(* Diagonalize the symmetric matrix over [R[i]] by a unitary matrix: the
   quadratic form becomes a nonnegative combination of the (real) eigenvalues. *)
Lemma sym_eigenvalue_ge0_psd (S : 'M[R]_n) :
  S^T = S -> (forall r, eigenvalue S r -> 0 <= r) ->
  forall z : 'rV_n, 0 <= (z *m S *m z^T) 0 0.
Proof.
move=> Ssym Sev z.
pose f := real_complex R.
pose Sc := map_mx f S.
have Sreal : Sc \is a realmx.
  by apply/mxOverP => i j; rewrite mxE; apply/complex_realP; exists (S i j).
have Sher : Sc \is hermsymmx.
  apply: realsym_hermsym => //; apply/is_hermitianmxP.
  by rewrite expr0 scale1r map_mx_id // /Sc map_trmx Ssym.
have /orthomx_spectralP Seq := hermitian_normalmx Sher.
set P := spectralmx Sc in Seq; set X := spectral_diag Sc in Seq.
have Pu : P \is unitarymx by apply: spectral_unitarymx.
rewrite invmx_unitary // in Seq.
have X_ge0 k : 0 <= X 0 k.
  have /complex_realP [r Xr] := mxOverP (hermitian_spectral_diag_real Sher) 0 k.
  rewrite -/X in Xr; rewrite Xr ler0c; apply: Sev.
  rewrite -(eigenvalue_map f) -/Sc; apply/eigenvalueP; exists (row k P).
    rewrite Seq !mulmxA -row_mul (unitarymxP Pu) -!row_mul mul1mx mul_diag_mx.
    by apply/rowP => j; rewrite !mxE Xr.
  apply/eqP => h; have := unitarymxP Pu.
  move/(congr1 (row k)); rewrite row_mul h mul0mx => /rowP /(_ k).
  by rewrite !mxE eqxx /= => /eqP; rewrite eq_sym oner_eq0.
have zc_adj : (map_mx f z) ^t* = map_mx f z^T.
  apply/matrixP => i j; rewrite !mxE conj_Creal //.
  by apply/complex_realP; exists (z j i).
rewrite -ler0c (_ : _%:C%C = (map_mx f z *m Sc *m (map_mx f z) ^t* ) 0 0); last first.
  by rewrite zc_adj /Sc -!map_mxM [in RHS]mxE.
set w := map_mx f z *m P ^t*.
rewrite Seq !mulmxA (_ : _ *m P *m _ = w *m diag_mx X *m w ^t*); last first.
  by rewrite /w trmx_mul map_mxM trmxCK !mulmxA.
rewrite mul_mx_diag !mxE; apply: sumr_ge0 => k _; rewrite !mxE.
by rewrite mulrAC mulr_ge0 // mul_conjC_ge0.
Qed.

Lemma sym_eigenvalue_ge_quad (S : 'M[R]_n) m :
  S^T = S -> (forall r, eigenvalue S r -> m <= r) ->
  forall z : 'rV_n, m * (z *m z^T) 0 0 <= (z *m S *m z^T) 0 0.
Proof.
move=> Ssym Sev z; rewrite -subr_ge0.
have Sm_sym : (S - m%:M)^T = S - m%:M by rewrite linearB /= tr_scalar_mx Ssym.
have Sm_ev r : eigenvalue (S - m%:M) r -> 0 <= r.
  by move/eigenvalue_subr_scalar/Sev; rewrite lerDr.
have := sym_eigenvalue_ge0_psd Sm_sym Sm_ev z.
by rewrite mulmxBr mulmxBl mul_mx_scalar -scalemxAl !mxE.
Qed.

(* Symmetrize [D^-1 N] as [D^-1/2 N D^-1/2], which has the same eigenvalues. *)
Lemma weighted_eigenvalue_ge_quad (d : 'rV[R]_n) (N : 'M_n) m :
  (forall i, 0 < d 0 i) -> N^T = N ->
  (forall mu, eigenvalue (diag_mx (\row_i (d 0 i)^-1) *m N) mu -> m <= mu) ->
  forall y : 'rV_n, m * (y *m diag_mx d *m y^T) 0 0 <= (y *m N *m y^T) 0 0.
Proof.
move=> d_gt0 Nsym Nev y.
pose s := \row_i Num.sqrt (d 0 i).
have sqrt_neq0 i : Num.sqrt (d 0 i) != 0 by rewrite gt_eqF ?sqrtr_gt0.
pose Ds := diag_mx s; pose Di := diag_mx (\row_i (s 0 i)^-1).
have DsDi : Ds *m Di = 1%:M.
  by rewrite mulmx_diag -diag_const_mx; congr diag_mx; apply/rowP => i; rewrite !mxE mulfV.
have DiDs : Di *m Ds = 1%:M by rewrite diag_mxC.
have DsDs : Ds *m Ds = diag_mx d.
  rewrite mulmx_diag; congr diag_mx; apply/rowP => i.
  by rewrite !mxE -expr2 sqr_sqrtr ?ltW.
have DiDi : Di *m Di = diag_mx (\row_i (d 0 i)^-1).
  rewrite mulmx_diag; congr diag_mx; apply/rowP => i.
  by rewrite !mxE -invfM -expr2 sqr_sqrtr ?ltW.
pose S := Di *m N *m Di.
have Ssym : S^T = S by rewrite /S !trmx_mul tr_diag_mx Nsym mulmxA.
have Sev r : eigenvalue S r -> m <= r.
  move=> /eigenvalueP [v hv vnz]; apply: Nev; apply/eigenvalueP; exists (v *m Ds).
    rewrite -DiDi !mulmxA -(mulmxA v) DsDi mulmx1 scalemxAl -hv.
    by rewrite /S -!mulmxA DiDs mulmx1.
  by apply: contra vnz => /eqP h; rewrite -(mulmx1 v) -DsDi mulmxA h mul0mx.
have := sym_eigenvalue_ge_quad Ssym Sev (y *m Ds).
rewrite trmx_mul tr_diag_mx /S !mulmxA -(mulmxA y Ds Ds) DsDs.
by rewrite -(mulmxA y Ds Di) DsDi mulmx1 -(mulmxA _ Di Ds) DiDs mulmx1.
Qed.

End RealSymmetric.

Lemma mx_quadE (R : comNzRingType) n (y : 'rV[R]_n) (M : 'M_n) :
  (y *m M *m y^T) 0 0 = \sum_i \sum_j y 0 i * M i j * y 0 j.
Proof.
rewrite mxE; under eq_bigr do rewrite !mxE big_distrl /=.
by rewrite exchange_big.
Qed.

Lemma mx_quad_diagE (R : comNzRingType) n (y d : 'rV[R]_n) :
  (y *m diag_mx d *m y^T) 0 0 = \sum_i d 0 i * y 0 i ^+ 2.
Proof.
rewrite mul_mx_diag mxE; apply: eq_bigr => i _; rewrite !mxE.
by rewrite mulrC mulrA expr2 mulrC.
Qed.

Lemma sumr_mul_indicator (R : comNzRingType) (T : finType) (F : T -> R) a :
  \sum_x F x * (x == a)%:R = F a.
Proof.
rewrite (bigD1 a) //= eqxx mulr1 big1 ?addr0 //.
by move=> x /negbTE ->; rewrite mulr0.
Qed.

Lemma sumr_indicator (R : comNzRingType) (T : finType) (a : T) :
  \sum_x (x == a)%:R = 1 :> R.
Proof.
rewrite -[RHS](sumr_mul_indicator (fun _ => 1) a).
by apply: eq_bigr => x _; rewrite mul1r.
Qed.

Lemma sum_color_dev (R : comNzRingType) k (x y : 'I_k) :
  \sum_(a < k) (1 - k%:R * (x == a)%:R) * (1 - k%:R * (y == a)%:R) =
  k%:R ^+ 2 * (x == y)%:R - k%:R :> R.
Proof.
transitivity (\sum_(a < k) (1 - k%:R * (a == x)%:R - k%:R * (a == y)%:R
                 + k%:R ^+ 2 * ((x == a)%:R * (a == y)%:R)) : R).
  by apply: eq_bigr => a _; rewrite ![_ == a]eq_sym; ring.
rewrite !big_split /= !sumrN sumr_const card_ord -!mulr_sumr !sumr_indicator.
rewrite sumr_mul_indicator; ring.
Qed.

(* Hoffman's argument: test the quadratic lower bound on the k vectors
   [1 - k [f v = a]]. *)
Section TailoredColoring.
Variables (R : realFieldType) (V : finType) (d : V -> R) (N : V -> V -> R).
Variables (m c q : R).
Hypothesis d_gt0 : forall v, 0 < d v.
Hypothesis N_diag : forall v, N v v = 0.
Hypothesis N_rowsum : forall v, \sum_w N v w = (c - 1) * d v.
Hypothesis N_quad_ge : forall Y : V -> R,
  m * \sum_v d v * Y v ^+ 2 <= \sum_v \sum_w Y v * N v w * Y w.

Lemma quad_bound_le0 (v0 : V) : m <= 0.
Proof.
have := N_quad_ge (fun v => (v == v0)%:R).
rewrite (bigD1 v0) //= eqxx expr1n mulr1 big1 ?addr0; last first.
  by move=> v /negbTE ->; rewrite expr0n mulr0.
under eq_bigr do rewrite sumr_mul_indicator mulrC.
by rewrite sumr_mul_indicator N_diag pmulr_lle0.
Qed.

Variables (k : nat) (f : V -> 'I_k).
Hypothesis f_tailored : forall v, \sum_(w | f w == f v) N v w <= q * d v.

Let W := \sum_v d v.
Let K : R := k%:R.
Let Y (a : 'I_k) (v : V) : R := 1 - K * (f v == a)%:R.

Lemma sum_color_dev_weights :
  \sum_(a < k) \sum_v d v * Y a v ^+ 2 = (K ^+ 2 - K) * W.
Proof.
rewrite exchange_big /= /W mulr_sumr; apply: eq_bigr => v _.
rewrite -mulr_sumr mulrC; congr (_ * _).
under eq_bigr do rewrite expr2.
by rewrite sum_color_dev eqxx mulr1.
Qed.

Lemma sum_color_dev_quad :
  \sum_(a < k) \sum_v \sum_w Y a v * N v w * Y a w =
  K ^+ 2 * \sum_v \sum_w N v w * (f v == f w)%:R - K * ((c - 1) * W).
Proof.
rewrite exchange_big /= /W mulr_sumr mulr_sumr [K * _]mulr_sumr -sumrB.
apply: eq_bigr => v _; rewrite exchange_big /= -N_rowsum.
rewrite mulr_sumr mulr_sumr -sumrB; apply: eq_bigr => w _.
under eq_bigr do rewrite mulrAC.
by rewrite -mulr_suml sum_color_dev; ring.
Qed.

Lemma sum_same_color_le : \sum_v \sum_w N v w * (f v == f w)%:R <= q * W.
Proof.
rewrite /W mulr_sumr; apply: ler_sum => v _.
apply: le_trans (f_tailored v); rewrite [X in _ <= X]big_mkcond /=.
by apply: ler_sum => w _; rewrite eq_sym; case: ifP; rewrite ?mulr1 ?mulr0.
Qed.

Lemma tailored_coloring_ineq (v0 : V) :
  m * (K - 1) - K * q + (c - 1) <= 0.
Proof.
have K_gt0 : 0 < K by rewrite ltr0n (leq_ltn_trans _ (ltn_ord (f v0))).
have W_gt0 : 0 < W.
  rewrite /W (bigD1 v0) //=; apply: ltr_pwDl (d_gt0 v0) _.
  by apply: sumr_ge0 => v _; exact: ltW.
have KK_ge0 : 0 <= K ^+ 2 by rewrite exprn_ge0 ?ltW.
have quad : \sum_(a < k) m * \sum_v d v * Y a v ^+ 2 <=
             \sum_(a < k) \sum_v \sum_w Y a v * N v w * Y a w.
  by apply: ler_sum => a _; exact: N_quad_ge.
rewrite -mulr_sumr sum_color_dev_weights sum_color_dev_quad in quad.
rewrite -(pmulr_rle0 _ (mulr_gt0 K_gt0 W_gt0)).
have -> : K * W * (m * (K - 1) - K * q + (c - 1)) =
    m * ((K ^+ 2 - K) * W) - (K ^+ 2 * (q * W) - K * ((c - 1) * W)) by ring.
rewrite subr_le0; apply: (le_trans quad).
by rewrite lerD2r ler_wpM2l // sum_same_color_le.
Qed.

Lemma tailored_coloring_bound (v0 : V) :
  0 <= q -> 1 < c -> (c - 1 - m) / (q - m) <= K.
Proof.
move=> q_ge0 c_gt1.
have m_le0 := quad_bound_le0 v0.
have ineq := tailored_coloring_ineq v0.
have K_ge1 : 1 <= K by rewrite ler1n (leq_ltn_trans _ (ltn_ord (f v0))).
have den_gt0 : 0 < q - m by move: ineq; nra.
by rewrite ler_pdivrMr //; move: ineq; nra.
Qed.

End TailoredColoring.

Section HypergraphLaplacian.
Variables (R : rcfType) (V : finType) (E : {set {set V}}).

Lemma ncommon_sym v w : ncommon E v w = ncommon E w v.
Proof. by apply: eq_card => e; rewrite !inE [(v \in e) && _]andbC. Qed.

Lemma ncommon_diag v : ncommon E v v = hdeg E v.
Proof. by apply: eq_card => e; rewrite !inE andbb. Qed.

Lemma hadj_sym v w : hadj E R v w = hadj E R w v.
Proof. by rewrite /hadj eq_sym ncommon_sym. Qed.

Lemma normr_hadj v w : `|hadj E R v w| = - hadj E R v w.
Proof. by rewrite /hadj; case: eqP; rewrite ?normr0 ?oppr0 // normrN opprK normr_nat. Qed.

(* Double counting of the incidences (w, e) with v, w in e. *)
Lemma sum_ncommon c : uniform E c ->
  forall v, (\sum_w ncommon E v w = c * hdeg E v)%N.
Proof.
move=> Eunif v.
have ncommonE w : ncommon E v w = \sum_(e in E) ((v \in e) && (w \in e) : nat).
  rewrite /ncommon -sum1_card big_mkcond [RHS]big_mkcond /=.
  by apply: eq_bigr => e _; rewrite inE; case: (e \in E); case: (v \in e); case: (w \in e).
under eq_bigr do rewrite ncommonE.
rewrite exchange_big /= /hdeg -sum1_card big_distrr /= big_mkcond [RHS]big_mkcond /=.
apply: eq_bigr => e _; rewrite inE; case eE : (e \in E) => //=.
case: (v \in e) => /=; last by rewrite big1.
rewrite -(Eunif e eE) muln1 -sum1_card [RHS]big_mkcond /=.
by apply: eq_bigr => w _; case: (w \in e).
Qed.

Lemma sum_oppr_hadj c : uniform E c ->
  forall v, \sum_w - hadj E R v w = (c%:R - 1) * (hdeg E v)%:R.
Proof.
move=> Eunif v; have := sum_ncommon Eunif v.
rewrite (bigD1 v) //= ncommon_diag => /(congr1 (GRing.natmul (1 : R))).
rewrite natrD natrM natr_sum => sumE; apply: (addrI (hdeg E v)%:R).
rewrite (bigD1 v) //= {1}/hadj eqxx oppr0 add0r.
rewrite (eq_bigr (fun w => (ncommon E v w)%:R)); last first.
  by move=> w /negbTE vw; rewrite /hadj eq_sym vw opprK.
by rewrite sumE; ring.
Qed.

Lemma nlap_decomp : nlap E R = 1%:M +
  diag_mx (\row_i ((hdeg E (enum_val i))%:R)^-1) *m
  \matrix_(i, j) - hadj E R (enum_val i) (enum_val j).
Proof.
by apply/matrixP => i j; rewrite mul_diag_mx !mxE mulrN.
Qed.

Lemma hadj_quad_ge l1 : no_isolated E -> smallest_eigenvalue E l1 ->
  forall Y : V -> R, (l1 - 1) * \sum_v (hdeg E v)%:R * Y v ^+ 2 <=
                     \sum_v \sum_w Y v * - hadj E R v w * Y w.
Proof.
move=> Enoiso [_ l1_min] Y.
pose d : 'rV[R]_#|V| := \row_i ((hdeg E (enum_val i))%:R : R).
pose N : 'M[R]_#|V| := \matrix_(i, j) - hadj E R (enum_val i) (enum_val j).
have d_gt0 i : 0 < d 0 i by rewrite mxE ltr0n.
have Nsym : N^T = N by apply/matrixP => i j; rewrite !mxE hadj_sym.
have Nev mu : eigenvalue (diag_mx (\row_i (d 0 i)^-1) *m N) mu -> l1 - 1 <= mu.
  have -> : \row_i (d 0 i)^-1 = \row_i ((hdeg E (enum_val i))%:R)^-1.
    by apply/rowP => i; rewrite !mxE.
  move=> /eigenvalue_add1mx; rewrite -nlap_decomp lerBlDl; exact: l1_min.
have := weighted_eigenvalue_ge_quad d_gt0 Nsym Nev (\row_i Y (enum_val i)).
rewrite mx_quad_diagE mx_quadE.
rewrite (big_enum_val (A := predT) (fun v => (hdeg E v)%:R * Y v ^+ 2)).
rewrite (big_enum_val (A := predT) (fun v => \sum_w Y v * - hadj E R v w * Y w)).
congr (_ * _ <= _); first by apply: eq_bigr => i _; rewrite !mxE.
apply: eq_bigr => i _.
rewrite (big_enum_val (A := predT) (fun w => Y (enum_val i) * - hadj E R (enum_val i) w * Y w)).
by apply: eq_bigr => j _; rewrite !mxE.
Qed.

..............................

• Try it
Using the data above, reproduce exactly the lines between those holding "Lemma hadj_sym v" and "rewrite (eq_bigr (fun", inclusive, and no others.

• Written solution
Lemma hadj_sym v w : hadj E R v w = hadj E R w v.
Proof. by rewrite /hadj eq_sym ncommon_sym. Qed.

Lemma normr_hadj v w : `|hadj E R v w| = - hadj E R v w.
Proof. by rewrite /hadj; case: eqP; rewrite ?normr0 ?oppr0 // normrN opprK normr_nat. Qed.

(* Double counting of the incidences (w, e) with v, w in e. *)
Lemma sum_ncommon c : uniform E c ->
  forall v, (\sum_w ncommon E v w = c * hdeg E v)%N.
Proof.
move=> Eunif v.
have ncommonE w : ncommon E v w = \sum_(e in E) ((v \in e) && (w \in e) : nat).
  rewrite /ncommon -sum1_card big_mkcond [RHS]big_mkcond /=.
  by apply: eq_bigr => e _; rewrite inE; case: (e \in E); case: (v \in e); case: (w \in e).
under eq_bigr do rewrite ncommonE.
rewrite exchange_big /= /hdeg -sum1_card big_distrr /= big_mkcond [RHS]big_mkcond /=.
apply: eq_bigr => e _; rewrite inE; case eE : (e \in E) => //=.
case: (v \in e) => /=; last by rewrite big1.
rewrite -(Eunif e eE) muln1 -sum1_card [RHS]big_mkcond /=.
by apply: eq_bigr => w _; case: (w \in e).
Qed.

Lemma sum_oppr_hadj c : uniform E c ->
  forall v, \sum_w - hadj E R v w = (c%:R - 1) * (hdeg E v)%:R.
Proof.
move=> Eunif v; have := sum_ncommon Eunif v.
rewrite (bigD1 v) //= ncommon_diag => /(congr1 (GRing.natmul (1 : R))).
rewrite natrD natrM natr_sum => sumE; apply: (addrI (hdeg E v)%:R).
rewrite (bigD1 v) //= {1}/hadj eqxx oppr0 add0r.
rewrite (eq_bigr (fun w => (ncommon E v w)%:R)); last first.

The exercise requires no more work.